But it certainly does not absolve the BCCI of its responsibility. The fiasco has merely highlighted the board's ineptitude in finding the right man for the job. India were sent packing from the World Cup long before the April-fool jokes were sent out, yet no serious attempt was made to draw up a shortlist of replacements for Greg Chappell.

Even as Ravi Shastri was appointed caretaker coach for the tour of Bangladesh, the whispers behind the scenes kept throwing up one name - Dav Whatmore. In addition to an impressive resume, Whatmore had revealed his interest in the job and, when certain top BCCI officials spoke to him in Dhaka, it appeared a done deal.

When it comes to Indian cricket, though, you should never believe what you see or read. Yesterday's flavour became today's bitter aftertaste as Whatmore's name was cut from the list of probables a week ago. Influential folk within the team, and on the seven-man committee appointed to choose the coach, were said to be against him and it was thus that Ford moved into pole position.

What followed illustrated just how low Indian cricket's stock has fallen. To create the illusion of a contest for a job that had once interested so many, the board roped in Emburey, a man with no coaching credentials to speak of. If anything, it was a slap in the face of the homegrown candidates. Had there been a viable second option - Tom Moody and Desmond Haynes were in contention when Chappell got the job - the BCCI could have turned to him after Ford's rebuff.

By not advertising for the post or sending out feelers as soon as Chappell left for Australia, the board seriously overestimated its own hand. The promise of a big fat payday may lure those more mercenary but a top-level coach requires all sorts of assurances before taking up a job of such magnitude. Freedom to choose one's own support staff and the autonomy to chart out a long-term plan - in consultation with the captain - are of paramount importance to the best in the business, as is involvement at some level in team selection.

It's also worth noting that the last two Indian coaches were chosen by the players.

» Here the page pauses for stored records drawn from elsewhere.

(* Let $\beta\in(0,2)$ and let $g:\mathbb{R}\to\mathbb{R}$ be measurable such that there exist $K>0$, $\kappa>-1/\beta$ and $\alpha>0$ with $\alpha\beta>2$ and $$|g(x)|\le K\big(x^\kappa\mathbf 1_{[0,1)}(x)+x^{-\alpha}\mathbf 1_{[1,\infty)}(x)\big)\quad\text{for all }x\in\mathbb{R}.$$ Fix $m\in\mathbb{N}$ and define, for $i\in\mathbb{Z}$, $$\rho_i=\int_{\mathbb{R}}|g(x)g(x+i)|^{\beta/2}\,\mathrm{d}x,\qquad \mu_i=\int_{-m}^{\infty}|g(x+i)|^\beta\,\mathrm{d}x.$$ Then there exists a constant $C>0$ such that for every $i\in\mathbb{N}$: (i) $\rho_i\le C\,i^{-\alpha\beta/2}$; (ii) if $i>m$, then $\mu_i\le C\,(i-m)^{1-\alpha\beta}$. *)

From HB Require Import structures.
From mathcomp Require Import all_boot all_order all_algebra.
From mathcomp Require Export all_classical all_reals all_analysis.
Set Implicit Arguments.
Unset Strict Implicit.
Unset Printing Implicit Defensive.

From HB Require Import structures.
From mathcomp Require Import all_boot all_order all_algebra.
From mathcomp Require Import all_classical all_reals all_analysis.
From mathcomp Require Import measurable_realfun.
Import Order.TTheory GRing.Theory Num.Theory numFieldNormedType.Exports.
Local Open Scope classical_set_scope.
Local Open Scope ring_scope.

(** The envelope forces [g = 0] on the negative half-line and
    [|g x|^q <= K^q x^(-alpha q)] for [x >= 1].  For (i), when [x >= 0] and
    [i >= 1] this bounds the factor [|g (x + i)|^(beta/2)] by
    [K^(beta/2) i^(-alpha beta/2)], and the remaining [\int |g|^(beta/2)] is
    finite: [kappa beta/2 > -1] makes the envelope integrable at 0 and
    [alpha beta/2 > 1] at infinity.  For (ii), [|g (x + i)|^beta] is at most
    [K^beta (x + i)^(-alpha beta)] on [[-m, +oo[], whose integral is
    [(i - m)^(1 - alpha beta) / (alpha beta - 1)] since [alpha beta > 1]. *)

Section power_integrals.
Context {R : realType}.
Local Notation mu := (@lebesgue_measure R).

Lemma ge0_powR_le (q x y : R) : 0 <= q -> 0 <= x -> x <= y -> x `^ q <= y `^ q.
Proof.
by move=> q0 x0 xy; apply: ge0_ler_powR; rewrite ?nnegrE // (le_trans x0 xy).
Qed.

Lemma ge0_powRN_le (q x y : R) : 0 <= q -> 0 < x -> x <= y ->
  y `^ (- q) <= x `^ (- q).
Proof.
move=> q0 x0 xy; rewrite !powRN lef_pV2 ?posrE ?powR_gt0 ?(lt_le_trans x0 xy) //.
exact: ge0_powR_le (ltW x0) xy.
Qed.

Lemma ge0_integral_le_exhaustion (D : set R) (f : R -> R) (A : nat -> set R)
    (c : R) :
  measurable D -> (forall n, measurable (A n)) -> (forall n, A n `<=` D) ->
  {homo A : n k / (n <= k)%N >-> n `<=` k} -> D `<=` \bigcup_n A n ->
  measurable_fun D f -> (forall x, D x -> 0 <= f x) ->
  (forall n, \int[mu]_(x in A n) (f x)%:E <= c%:E)%E ->
  (\int[mu]_(x in D) (f x)%:E <= c%:E)%E.
Proof.
move=> mD mA AD And DA mf f0 intA.
pose fA : nat -> R -> \bar R := fun n => (EFin \o f) \_ (A n).
have mfA n : measurable_fun D ((EFin \o f) \_ (A n)).
  apply: (measurable_restrict (EFin \o f) (mA n) mD).1.
  apply: (measurable_funS mD); first by move=> x [].
  exact/measurable_EFinP.
have fA0 n x : D x -> (0 <= fA n x)%E.
  by move=> Dx; rewrite /fA patchE; case: ifPn => // _; rewrite lee_fin f0.
have fAnd x : D x -> {homo fA^~ x : i j / (i <= j)%N >-> (i <= j)%E}.
  move=> Dx i j ij; rewrite /fA !patchE; case: ifPn => [|_].
    by rewrite inE => /(And _ _ ij) Aj; rewrite ifT // inE.
  by case: ifPn => // _; rewrite lee_fin f0.
have -> : (\int[mu]_(x in D) (f x)%:E = \int[mu]_(x in D) limn (fA^~ x))%E.
  apply: eq_integral => x; rewrite inE => Dx; apply/esym/cvg_lim => //.
  apply: cvg_near_cst; have [n _ Anx] := DA x Dx.
  near=> k; rewrite /fA patchE ifT // inE; apply: And Anx.
  by near: k; exists n.
rewrite monotone_convergence //; apply: lime_le.
  apply: ereal_nondecreasing_is_cvgn => n k nk.
  apply: ge0_le_integral => //.
  - by move=> x Dx; exact: fA0.
  - exact: mfA.
  - exact: mfA.
  - by move=> x Dx; exact: fAnd.
by apply: nearW => n; rewrite -integral_mkcondr setIidr.
Unshelve. all: by end_near. Qed.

Rahul Dravid was instrumental in John Wright's arrival from Kent, and Sourav Ganguly played a pivotal role in Chappell being appointed. It's no secret that the move to bring in Ford also had the blessing of the team's seniors. Whether that's a healthy trend is debatable, since part of the coach's job description undoubtedly involves tough love when the team is going astray.

What are the options now? As Sunil Gavaskar, one of the members on the committee that offered Ford the job, has said, the board is back where it started. Squads will be selected on Tuesday to tour Ireland and England and there is no time to find a coach to accompany the team. Will they find one before more serious business, India's Test series against England, begins?

For a start, do they even know where to look? This is an embarrassment that the BCCI has brought upon itself.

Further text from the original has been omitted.